As with so many traditional foods, science is finally catching up to what until recently - we have known intuitively!

Further Reading

If you find yourself falling down the okra rabbit hole (and I hope you do), I cannot recommend "The Whole Okra: A Seed to Stem Celebration" by Chris Smith highly enough. Published by Chelsea Green in 2019 and winner of a James Beard Award in 2020, it's an absolute treasure.

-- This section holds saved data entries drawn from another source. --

(* Assume $\tau_1+\tau_2=1$, parametrize $\tau_2=\frac12(1+\nu_1-\nu_2)$, $\tau_3=\nu_1\nu_2+\frac{(\alpha+\beta)(\nu_1+\nu_2-1)}{2}$, and assume $\alpha+\nu_1+\nu_2\notin\mathbb Z$. Set $\widetilde\alpha=-\alpha-\beta-\nu_1-\nu_2$, $\widetilde\beta=\beta$ and, for $n\ge0$, $\psi_n(x)=x^{\nu_2-1}\widehat P_n^{(\widetilde\alpha,\widetilde\beta)}(1/x)$ on $x\in(0,1)$. Then (i) $M\psi_n=\widetilde\lambda_n\psi_n$ with $\widetilde\lambda_n=n(n-1)+(2-\nu_1-\nu_2-\alpha)n+\tau_0+\nu_1\nu_2+\tfrac12(\alpha-1)(\nu_1+\nu_2-1)$; (ii) $L$ acts tridiagonally on $\{\psi_n\}$: for every $n\ge0$ there are constants $\xi_n,\eta_n,\zeta_n$ with $L\psi_n=\xi_n\psi_{n+1}+\eta_n\psi_n+\zeta_n\psi_{n-1}$ (where $\psi_{-1}:=0$).
   Context: $L=x(1-x)\partial_x^2+\big(\alpha+1-(\alpha+\beta+2)x\big)\partial_x$ with real $\alpha,\beta$, $X$ is multiplication by $x$, and $M=\tau_1XL+\tau_2LX+\tau_3X+\tau_0$ with real $\tau_i$. For parameters $a,b$ with $a+b\notin\mathbb Z$, the monic Jacobi polynomial is $\widehat P_n^{(a,b)}(t)=\frac{(-1)^n(a+1)_n}{(n+a+b+1)_n}{}_2F_1(-n,n+a+b+1;a+1;t)$, where $(c)_n=c(c+1)\cdots(c+n-1)$; it is the monic degree-$n$ eigenpolynomial of $t(1-t)\partial_t^2+(a+1-(a+b+2)t)\partial_t$ with eigenvalue $-n(n+a+b+1)$. *)

From Stdlib Require Import Reals Lra Lia ZArith.
Open Scope R_scope.

Fixpoint poch (c : R) (n : nat) : R :=
  match n with
  | O => 1
  | S m => poch c m * (c + INR m)
  end.

(* Coefficient of t^k in the monic Jacobi polynomial hat P_n^(a,b)(t):
   (-1)^n (a+1)_n/(n+a+b+1)_n * (-n)_k (n+a+b+1)_k / ((a+1)_k k!),
   written with (a+1)_n/(a+1)_k = (a+1+k)_(n-k). *)
Definition jacobi_coef (n : nat) (a b : R) (k : nat) : R :=
  (-1) ^ n * poch (a + 1 + INR k) (n - k) * poch (- INR n) k
  * poch (INR n + a + b + 1) k / (poch (INR n + a + b + 1) n * INR (fact k)).

Definition monic_jacobi (n : nat) (a b t : R) : R :=
  sum_f_R0 (fun k => jacobi_coef n a b k * t ^ k) n.

(* Lrel al be f g : on (0,1), f is twice differentiable and
   g = L f, where L = x(1-x) d^2/dx^2 + (al+1-(al+be+2)x) d/dx. *)
Definition Lrel (al be : R) (f g : R -> R) : Prop :=
  exists f1 f2 : R -> R,
    forall x, 0 < x < 1 ->
      derivable_pt_lim f x (f1 x) /\
      derivable_pt_lim f1 x (f2 x) /\
      g x = x * (1 - x) * f2 x + (al + 1 - (al + be + 2) * x) * f1 x.

Definition psi (al be nu1 nu2 : R) (n : nat) (x : R) : R :=
  Rpower x (nu2 - 1) * monic_jacobi n (- al - be - nu1 - nu2) be (/ x).

From Stdlib Require Import Reals Lra Lia ZArith.
Open Scope R_scope.

(* On (0,1), psi_n(x) = sum_k c_k x^(s-k) with s = nu2 - 1 and c_k the coefficients of
   the monic Jacobi polynomial P_n with parameters (a, be), a = -al-be-nu1-nu2.  Since
   L x^q = q (q + al) x^(q-1) - q (q + al + be + 1) x^q, both claims are identities
   between coefficient sequences.  For (i), the relations between the tau_i make
   tau1 X L + tau2 L X + tau3 X collapse, coefficient by coefficient, onto the Jacobi
   differential equation J P_n = mu_n P_n.  For (ii), in the variable t = 1/x the
   operator L is a combination of t, J t, t J and 1; as J is diagonal on the P_n and
   multiplication by t is tridiagonal (three-term recurrence), so is L.  The hypothesis
   al + nu1 + nu2 not in Z says that a + be is not a nonpositive integer, which keeps
   every Pochhammer denominator nonzero. *)

Lemma poch_S_l c m : poch c (S m) = c * poch (c + 1) m.
Proof.
  revert c; induction m as [|m IH]; intro c.
  - simpl. ring.
  - transitivity (poch c (S m) * (c + INR (S m))); [reflexivity|].
    rewrite IH, S_INR. simpl. ring.
Qed.

Lemma poch_shift c k : poch c k * (c + INR k) = c * poch (c + 1) k.
Proof. rewrite <- poch_S_l. reflexivity. Qed.

Lemma poch_succ_S c d :
  poch (c + 1) (S d) * c = poch c d * (c + INR d) * (c + INR d + 1).
Proof.
  rewrite Rmult_comm, <- poch_S_l.
  transitivity (poch c (S d) * (c + INR (S d))); [reflexivity|].
  rewrite S_INR. simpl. ring.
Qed.

Lemma poch_add c p q : poch c (p + q) = poch c p * poch (c + INR p) q.
Proof.
  induction q as [|q IH].
  - rewrite Nat.add_0_r. simpl. ring.
  - rewrite Nat.add_succ_r. simpl. rewrite IH, plus_INR. ring.
Qed.

Lemma poch_neq0 c m : (forall i, (i < m)%nat -> c + INR i <> 0) -> poch c m <> 0.
Proof.
  induction m as [|m IH]; intro H; simpl.
  - lra.
  - apply Rmult_integral_contrapositive_currified.
    + apply IH. intros; apply H; lia.
    + apply H; lia.
Qed.

Lemma poch_opp_INR_gt n k : (n < k)%nat -> poch (- INR n) k = 0.
Proof.
  intro H. replace k with (S n + (k - S n))%nat by lia.
  rewrite poch_add. simpl. rewrite Rplus_opp_l. ring.
Qed.

Lemma poch_opp_INR_diag n : poch (- INR n) n = (-1) ^ n * INR (fact n).
Proof.
  induction n as [|n IH].
  - simpl. ring.
  - rewrite poch_S_l. replace (- INR (S n) + 1) with (- INR n) by (rewrite S_INR; ring).
    rewrite IH, fact_simpl, mult_INR, S_INR. simpl. ring.
Qed.

Lemma eq_div_of_mul x y d : d <> 0 -> x * d = y -> x = y / d.
Proof. intros Hd <-. field. exact Hd. Qed.

Definition not_nonpos_int (x : R) : Prop := forall j : nat, x + INR j <> 0.

Lemma not_nonpos_int_neq0 x y j : not_nonpos_int x -> y = x + INR j -> y <> 0.
Proof. intros H ->. apply H. Qed.

Lemma poch_not_nonpos_int_neq0 x c j m : not_nonpos_int x -> c = x + INR j -> poch c m <> 0.
Proof.
  intros H ->. apply poch_neq0. intros i _.
  rewrite Rplus_assoc, <- plus_INR. apply H.
Qed.

Ltac nat_shift := rewrite ?S_INR, ?plus_INR, ?mult_INR; simpl; ring.

Ltac nonzero_shift H j := apply (not_nonpos_int_neq0 _ _ j H); nat_shift.

Ltac poch_nonzero_shift H j := apply (poch_not_nonpos_int_neq0 _ _ j _ H); nat_shift.

Definition jacobi_op_coef (a b : R) (w : nat -> R) (k : nat) : R :=
  (INR k + 1) * (INR k + 1 + a) * w (S k) - INR k * (INR k + a + b + 1) * w k.

Definition jacobi_eigen (a b m : R) : R := - (m * (m + a + b + 1)).

Definition shift_coef (w : nat -> R) (k : nat) : R :=
  match k with O => 0 | S i => w i end.

Definition jacobi_coef_pred (n : nat) (a b : R) : nat -> R :=
  match n with O => fun _ => 0 | S m => jacobi_coef m a b end.

Definition jacobi_B (a b n : R) : R :=
  / 2 - (b * b - a * a) / (2 * (2 * n + a + b) * (2 * n + a + b + 2)).

Definition jacobi_G (a b n : R) : R :=
  n * (n + a) * (n + b) * (n + a + b)
  / ((2 * n + a + b) ^ 2 * (2 * n + a + b + 1) * (2 * n + a + b - 1)).

Lemma jacobi_op_coef_ext a b u v k : (forall j, u j = v j) ->
  jacobi_op_coef a b u k = jacobi_op_coef a b v k.
Proof. intro H. unfold jacobi_op_coef. rewrite !H. reflexivity. Qed.

Lemma jacobi_op_coef_lin3 a b u v w p q k :
  jacobi_op_coef a b (fun j => u j + p * v j + q * w j) k
  = jacobi_op_coef a b u k + p * jacobi_op_coef a b v k + q * jacobi_op_coef a b w k.
Proof. unfold jacobi_op_coef. ring. Qed.

Section JacobiCoefficients.

Variables a b : R.
Hypothesis Hab : not_nonpos_int (a + b).

Lemma jacobi_coef_gt n k : (n < k)%nat -> jacobi_coef n a b k = 0.
Proof. intro H. unfold jacobi_coef. rewrite poch_opp_INR_gt by exact H. unfold Rdiv. ring. Qed.

Lemma jacobi_coef_diag n : jacobi_coef n a b n = 1.
Proof.
  unfold jacobi_coef. rewrite Nat.sub_diag, poch_opp_INR_diag. simpl poch.
  assert (poch (INR n + a + b + 1) n <> 0)
    by poch_nonzero_shift Hab (n + 1)%nat.
  pose proof (INR_fact_neq_0 n).
  transitivity ((-1) ^ n * (-1) ^ n); [field; split; assumption|].
  rewrite <- Rpow_mult_distr. replace (-1 * -1) with 1 by ring. apply pow1.
Qed.

Lemma jacobi_coef_closed n k : (k <= n)%nat ->
  jacobi_coef n a b k = (-1) ^ n * poch (a + 1 + INR k) (n - k) * poch (- INR n) k
     / (poch (INR n + a + b + 1 + INR k) (n - k) * INR (fact k)).
Proof.
  intro Hk. unfold jacobi_coef.
  replace (poch (INR n + a + b + 1) n) with (poch (INR n + a + b + 1) (k + (n - k)))
    by (f_equal; lia).
  rewrite poch_add.
  assert (poch (INR n + a + b + 1) k <> 0)
    by poch_nonzero_shift Hab (n + 1)%nat.
  assert (poch (INR n + a + b + 1 + INR k) (n - k) <> 0)
    by poch_nonzero_shift Hab (n + 1 + k)%nat.
  pose proof (INR_fact_neq_0 k).
  field. repeat split; assumption.
Qed.

Lemma jacobi_coef_rec_k n k : (k <= n)%nat ->
  (INR k + 1) * (INR k + 1 + a) * jacobi_coef n a b (S k)
  = - (INR n - INR k) * (INR n + INR k + a + b + 1) * jacobi_coef n a b k.
Proof.
  intro Hk. destruct (Nat.eq_dec k n) as [->|Hne].
  { rewrite jacobi_coef_gt by lia. ring. }
  rewrite !jacobi_coef_closed by lia.
  replace (n - k)%nat with (S (n - S k)) by lia.
  rewrite (poch_S_l (a + 1 + INR k)), (poch_S_l (INR n + a + b + 1 + INR k)),
    fact_simpl, mult_INR, !S_INR.
  change (poch (- INR n) (S k)) with (poch (- INR n) k * (- INR n + INR k)).
  replace (a + 1 + (INR k + 1)) with (a + 1 + INR k + 1) by ring.
  replace (INR n + a + b + 1 + (INR k + 1)) with (INR n + a + b + 1 + INR k + 1) by ring.
  assert (poch (INR n + a + b + 1 + INR k + 1) (n - S k) <> 0)
    by poch_nonzero_shift Hab (n + 1 + k + 1)%nat.
  assert (INR n + a + b + 1 + INR k <> 0)
    by nonzero_shift Hab (n + 1 + k)%nat.
  pose proof (INR_fact_neq_0 k).
  assert (INR k + 1 <> 0) by (pose proof (pos_INR k); lra).
  field. repeat split; assumption.
Qed.

Lemma jacobi_coef_rec_n n k : (k <= n)%nat ->
  (INR n + 1 - INR k) * (2 * INR n + a + b + 1) * (2 * INR n + a + b + 2)
    * jacobi_coef (S n) a b k
  = - (INR n + 1) * (a + INR n + 1) * (INR n + a + b + 1 + INR k) * jacobi_coef n a b k.
Proof.
  intro Hk. rewrite !jacobi_coef_closed by lia.
  replace (S n - k)%nat with (S (n - k)) by lia.
  set (d := (n - k)%nat).
  set (M := INR n + a + b + 1 + INR k).
  assert (Ed : INR d = INR n - INR k) by (apply minus_INR; exact Hk).
  assert (HM : M <> 0) by (unfold M; nonzero_shift Hab (n + 1 + k)%nat).
  assert (HMd : M + INR d <> 0)
    by (unfold M; rewrite Ed; nonzero_shift Hab (2 * n + 1)%nat).
  assert (HMd1 : M + INR d + 1 <> 0)
    by (unfold M; rewrite Ed; nonzero_shift Hab (2 * n + 2)%nat).
  assert (Hk1 : - INR (S n) + INR k <> 0) by (apply le_INR in Hk; rewrite S_INR; lra).
  assert (E1 : poch (a + 1 + INR k) (S d) = poch (a + 1 + INR k) d * (a + INR n + 1)).
  { simpl. rewrite Ed. ring. }
  assert (E2 : poch (- INR (S n)) k = - INR (S n) * poch (- INR n) k / (- INR (S n) + INR k)).
  { apply eq_div_of_mul; [exact Hk1|]. rewrite poch_shift.
    replace (- INR (S n) + 1) with (- INR n) by (rewrite S_INR; ring). reflexivity. }
  assert (E3 : poch (INR (S n) + a + b + 1 + INR k) (S d)
               = poch M d * (M + INR d) * (M + INR d + 1) / M).
  { replace (INR (S n) + a + b + 1 + INR k) with (M + 1) by (unfold M; rewrite S_INR; ring).
    apply eq_div_of_mul; [exact HM|]. apply poch_succ_S. }
  rewrite E1, E2, E3.
  assert (poch M d <> 0)
    by (unfold M; poch_nonzero_shift Hab (n + 1 + k)%nat).
  pose proof (INR_fact_neq_0 k).
  replace (2 * INR n + a + b + 1) with (M + INR d) by (unfold M; rewrite Ed; ring).
  replace (2 * INR n + a + b + 2) with (M + INR d + 1) by (unfold M; rewrite Ed; ring).
  fold M. rewrite S_INR in *. simpl pow.
  field. repeat split; assumption.
Qed.

Lemma jacobi_coef_succ_n n k : (k <= n)%nat ->
  jacobi_coef (S n) a b k
  = - (INR n + 1) * (a + INR n + 1) * (INR n + a + b + 1 + INR k) * jacobi_coef n a b k
    / ((INR n + 1 - INR k) * (2 * INR n + a + b + 1) * (2 * INR n + a + b + 2)).
Proof.
  intro Hk. apply eq_div_of_mul.
  - repeat apply Rmult_integral_contrapositive_currified.
    + apply le_INR in Hk. lra.
    + nonzero_shift Hab (2 * n + 1)%nat.
    + nonzero_shift Hab (2 * n + 2)%nat.
  - rewrite <- jacobi_coef_rec_n by exact Hk. ring.
Qed.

Chris Smith is a British writer working with Sow True Seed in North Carolina who grew over 75 varieties of okra for his research. The book covers everything from seed-to-stem uses: pods, leaves, flowers, seeds, stalks, and yes, extensive discussion of the mucilage including recipes for okra marshmallow delights and using it as a face mask. Most importantly for Fermentary followers, it includes fermentation recipes – there's an okra kimchi from chef Steven Goff that Smith describes as making his mouth water just thinking about it, plus okra tempeh and other traditional fermentation applications. It's written with humour and wit, has a foreword by food historian Michael W. Twitty, and endorsements from Sandor Ellix Katz. This book shares our philosophy of respecting traditional food wisdom while exploring every possible use of a plant.